Folha de São Paulo
Concessões a caminhoneiros trazem de volta antigos e nocivos remendos setoriais
O movimento dos caminhoneiros paralisou o país e expôs com toda a crueza as muitas fragilidades que nos assombram há anos, como a ausência de lideranças capazes de enfrentar um problema de dimensões nacionais, a crise fiscal que não deixa margem de manobra para a gestão pública e a estrutura tributária complexa e disfuncional, entre tantas mazelas.
Bastaram alguns dias de caminhões parados à beira das estradas para que a reação improvisada e descoordenada do governo às manifestações contrariasse a direção proposta há menos de dois anos para colocar a economia em ordem.

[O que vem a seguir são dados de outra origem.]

Lemma ost_tail_bounds n m : (1 <= m)%nat ->
  - cf_theta a (S m) <= ost_tail m n
  <= INR (b m) * cf_theta a (S m) + cf_theta a (S (S m)).
Proof.
  revert m; induction n as [| n IH]; intros m Hm; unfold ost_tail.
  - pose proof (cf_theta_pos a Ha (S m)); pose proof (cf_theta_pos a Ha (S (S m))).
    pose proof (pos_INR (b m)); cbn [rsum]; nra.
  - rewrite rsum_alternating_succ, (ndist_cf_q a Ha m Hm).
    destruct (IH (S m) ltac:(lia)) as [Hlo Hhi]; unfold ost_tail in Hlo, Hhi.
    pose proof (digit_mul_theta_add_le (S m)); pose proof (pos_INR (b m)).
    pose proof (cf_theta_pos a Ha (S m)); nra.
Qed.

Lemma ost_eps_eq k : ost_eps a K b k = - IZR (cf_q a k) * ost_tail (S k) (K - S k).
Proof. unfold ost_eps, ost_tail; rewrite rsum_sign_shift; ring. Qed.

Lemma ost_eps_le k : ost_eps a K b k <= IZR (cf_q a k) * cf_theta a (S (S k)).
Proof.
  rewrite ost_eps_eq; destruct (ost_tail_bounds (K - S k) (S k) ltac:(lia)).
  pose proof (cf_q_mono a Ha k); nra.
Qed.

Lemma ost_eps_ge k :
  - IZR (cf_q a k) * (INR (b (S k)) * cf_theta a (S (S k)) + cf_theta a (S (S (S k))))
  <= ost_eps a K b k.
Proof.
  rewrite ost_eps_eq; destruct (ost_tail_bounds (K - S k) (S k) ltac:(lia)).
  pose proof (cf_q_mono a Ha k); nra.
Qed.

Lemma ost_eps_ge_of_digit_lt k : (Z.of_nat (b (S k)) < cf_a a (S (S k)))%Z ->
  - IZR (cf_q a k) * cf_theta a (S k) + IZR (cf_q a k) * cf_theta a (S (S k))
  <= ost_eps a K b k.
Proof.
  intros Hlt; pose proof (ost_eps_ge k).
  assert (INR (b (S k)) <= IZR (cf_a a (S (S k))) - 1).
  { rewrite INR_IZR_INZ, <- minus_IZR; apply IZR_le; lia. }
  pose proof (cf_theta_rec a Ha (S k)); pose proof (cf_theta_pos a Ha (S (S k))).
  assert (Hw : INR (b (S k)) * cf_theta a (S (S k)) + cf_theta a (S (S (S k)))
               <= cf_theta a (S k) - cf_theta a (S (S k))) by nra.
  pose proof (cf_q_mono a Ha k); nra.
Qed.

Lemma ost_eps_ge_delta k delta : 0 < delta ->
  INR (b (S k)) <= (1 - delta) * IZR (cf_a a (S (S k))) ->
  ost_eps a K b k >= - (1 - delta / 3) * IZR (cf_q a k) * cf_theta a (S k).
Proof.
  intros Hd Hbd; pose proof (ost_eps_ge k).
  pose proof (cf_theta_rec a Ha (S k)) as Hrec; pose proof (cf_theta_lt a Ha (S (S k))).
  pose proof (cf_theta_pos a Ha (S (S (S k)))); pose proof (cf_a_ge1 a Ha (S k)).
  pose proof (cf_q_mono a Ha k).
  set (A := IZR (cf_a a (S (S k)))) in *.
  set (d1 := cf_theta a (S (S k))) in *; set (d2 := cf_theta a (S (S (S k)))) in *.
  assert (INR (b (S k)) * d1 <= (1 - delta) * A * d1) by (apply Rmult_le_compat_r; lra).
  assert (0 <= delta * (2 * A * d1 - d2)) by (apply Rmult_le_pos; nra).
  assert (Hw : INR (b (S k)) * d1 + d2 <= (1 - delta / 3) * cf_theta a (S k))
    by (rewrite Hrec; lra).
  nra.
Qed.

End AlternatingTail.

Lemma ostrowski_digit_succ_lt a N K b k :
  is_ostrowski a N K b -> (1 <= b k)%nat -> (Z.of_nat (b (S k)) < cf_a a (S (S k)))%Z.
Proof.
  intros [_ [_ [Hle [Hmax _]]]] Hk.
  destruct (Z.eq_dec (Z.of_nat (b (S k))) (cf_a a (S (S k)))) as [E | E].
  - pose proof (Hmax (S k) ltac:(lia) E); replace (S k - 1)%nat with k in * by lia; lia.
  - specialize (Hle (S k)); lia.
Qed.

Lemma ostrowski_ndist_cf_q a N K b k : irrational a -> is_ostrowski a N K b ->
  (1 <= b k)%nat -> ndist (IZR (cf_q a k) * a) = cf_theta a (S k).
Proof.
  intros Ha [_ [Hb0 _]] Hk; destruct k as [| k].
  - apply (ndist_cf_q0 a Ha); lia.
  - apply (ndist_cf_q a Ha); lia.
Qed.

Theorem lemma1 (alpha : R) (N K : nat) (b : nat -> nat) :
  irrational alpha ->
  is_ostrowski alpha N K b ->
  (forall k : nat, (1 <= b k)%nat ->
     -1 < - IZR (cf_q alpha k) * ndist (IZR (cf_q alpha k) * alpha)
          + IZR (cf_q alpha k) * ndist (IZR (cf_q alpha (S k)) * alpha)
     /\ - IZR (cf_q alpha k) * ndist (IZR (cf_q alpha k) * alpha)
          + IZR (cf_q alpha k) * ndist (IZR (cf_q alpha (S k)) * alpha)
        <= ost_eps alpha K b k
     /\ ost_eps alpha K b k <= IZR (cf_q alpha k) * ndist (IZR (cf_q alpha (S k)) * alpha)
     /\ IZR (cf_q alpha k) * ndist (IZR (cf_q alpha (S k)) * alpha) < 1 / 2)
  /\
  (forall (k : nat) (delta : R), (1 <= b k)%nat -> 0 < delta ->
     INR (b (S k)) <= (1 - delta) * IZR (cf_a alpha (S (S k))) ->
     ost_eps alpha K b k >= - (1 - delta / 3) * IZR (cf_q alpha k) * ndist (IZR (cf_q alpha k) * alpha))
  /\
  (forall (k0 : nat) (T : R), (1 <= k0)%nat -> 1 <= T ->
     (forall j : nat, (k0 <= j)%nat -> ln (IZR (cf_a alpha j)) / IZR (cf_a alpha (S j)) <= T) ->
     forall k : nat, (k0 <= k)%nat -> (1 <= b k)%nat ->
       ost_eps alpha K b k >= - (1 - 1 / (exp T + 2))).
Proof.
  intros Ha Ho.
  assert (Hb : forall l, (Z.of_nat (b l) <= cf_a alpha (S l))%Z) by apply Ho.
  assert (Hlow : forall k, (1 <= b k)%nat ->
    - IZR (cf_q alpha k) * cf_theta alpha (S k) + IZR (cf_q alpha k) * cf_theta alpha (S (S k))
    <= ost_eps alpha K b k).
  { intros k Hk; apply (ost_eps_ge_of_digit_lt alpha K b Ha Hb), (ostrowski_digit_succ_lt _ N K);
      assumption. }
  assert (Hnonneg : forall k, 0 <= IZR (cf_q alpha k) * cf_theta alpha (S (S k))).
  { intros k; pose proof (cf_q_mono alpha Ha k); pose proof (cf_theta_pos alpha Ha (S (S k))); nra. }
  split; [| split].
  - intros k Hk.
    rewrite (ostrowski_ndist_cf_q alpha N K b k Ha Ho Hk), (ndist_cf_q alpha Ha (S k)) by lia.
    pose proof (Hlow k Hk); pose proof (Hnonneg k); pose proof (ost_eps_le alpha K b Ha Hb k).
    pose proof (cf_q_mul_theta_lt1 alpha Ha k); pose proof (cf_q_mul_theta_lt_half alpha Ha k).
    lra.
  - intros k delta Hk Hd Hbd.
    rewrite (ostrowski_ndist_cf_q alpha N K b k Ha Ho Hk).
    exact (ost_eps_ge_delta alpha K b Ha Hb k delta Hd Hbd).
  - intros k0 T Hk0 _ HT k Hk Hbk.
    pose proof (Hlow k Hbk); pose proof (Hnonneg k).
    pose proof (cf_q_mul_theta_le_exp alpha Ha k T ltac:(lia) (HT k Hk)).
    lra.
Qed.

Embora o governo tenha se proposto a preservar a política de preços da Petrobras, a sua direção foi desgastada exatamente quando se esforça para reduzir a enorme dívida da empresa e recompor a capacidade de investimento duramente castigada pelas gestões anteriores.
Não restam dúvidas de que aqui, como no mundo, as oscilações do preço do petróleo chegam aos postos em tempo curto, o que não significa descartar mecanismos que atenuem a volatilidade para garantir um mínimo de previsibilidade a empresários e consumidores.

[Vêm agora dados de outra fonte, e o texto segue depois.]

Lemma meets_refine k n m A : (k <= n)%nat -> meets k m A -> meets n m A.
Proof.
  intros Hkn [I [Hnd [Hlen HI]]]; set (r := dyadic (n - k)).
  assert (Hsub : forall i, In i I -> exists j, ((i * r <= j < S i * r)%nat /\
    exists x, in_cell P Q n j x /\ A (h x))).
  { intros i Hi; destruct (HI i Hi) as [_ [x [Hx Ax]]].
    destruct (cell_refine P Q PltQ k n i x Hkn Hx) as [j [Hj Hj']]; eauto. }
  destruct (choice (fun i j => In i I -> (i * r <= j < S i * r)%nat /\
    exists x, in_cell P Q n j x /\ A (h x))) as [sub Hsub'].
  { intros i; destruct (classic (In i I)) as [Hi | Hi]; [destruct (Hsub i Hi) as [j Hj] | exists O];
      eauto; intros; contradiction. }
  exists (map sub I); split; [| split; [rewrite length_map; auto |]].
  - apply NoDup_map_NoDup_ForallPairs; auto; intros i i' Hi Hi' E.
    destruct (Hsub' i Hi) as [Ri _]; destruct (Hsub' i' Hi') as [Ri' _]; rewrite E in Ri.
    destruct (Nat.lt_trichotomy i i') as [L | [L | L]]; auto; exfalso; nia.
  - intros j Hj; apply in_map_iff in Hj as [i [<- Hi]].
    destruct (Hsub' i Hi) as [Ri Hx]; split; auto; destruct (HI i Hi) as [Hik _].
    rewrite (dyadic_split k n Hkn); fold r; nia.
Qed.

Mas essa proteção implica algum ônus fiscal, da mesma forma, aliás, que qualquer instrumento de “hedge” acarreta custos financeiros às empresas que buscam proteger-se das flutuações de mercado.
Acuado pela opinião pública e com baixa capacidade de articulação, o governo deu uma resposta imediatista às demandas dos caminhoneiros. Tirou R$ 0,46 do preço do diesel (abatendo Cide e PIS-Cofins), diminuiu o pedágio para caminhões vazios, instituiu o tabelamento de frete e reservou 30% dos serviços de transportes da Conab para caminhoneiros autônomos.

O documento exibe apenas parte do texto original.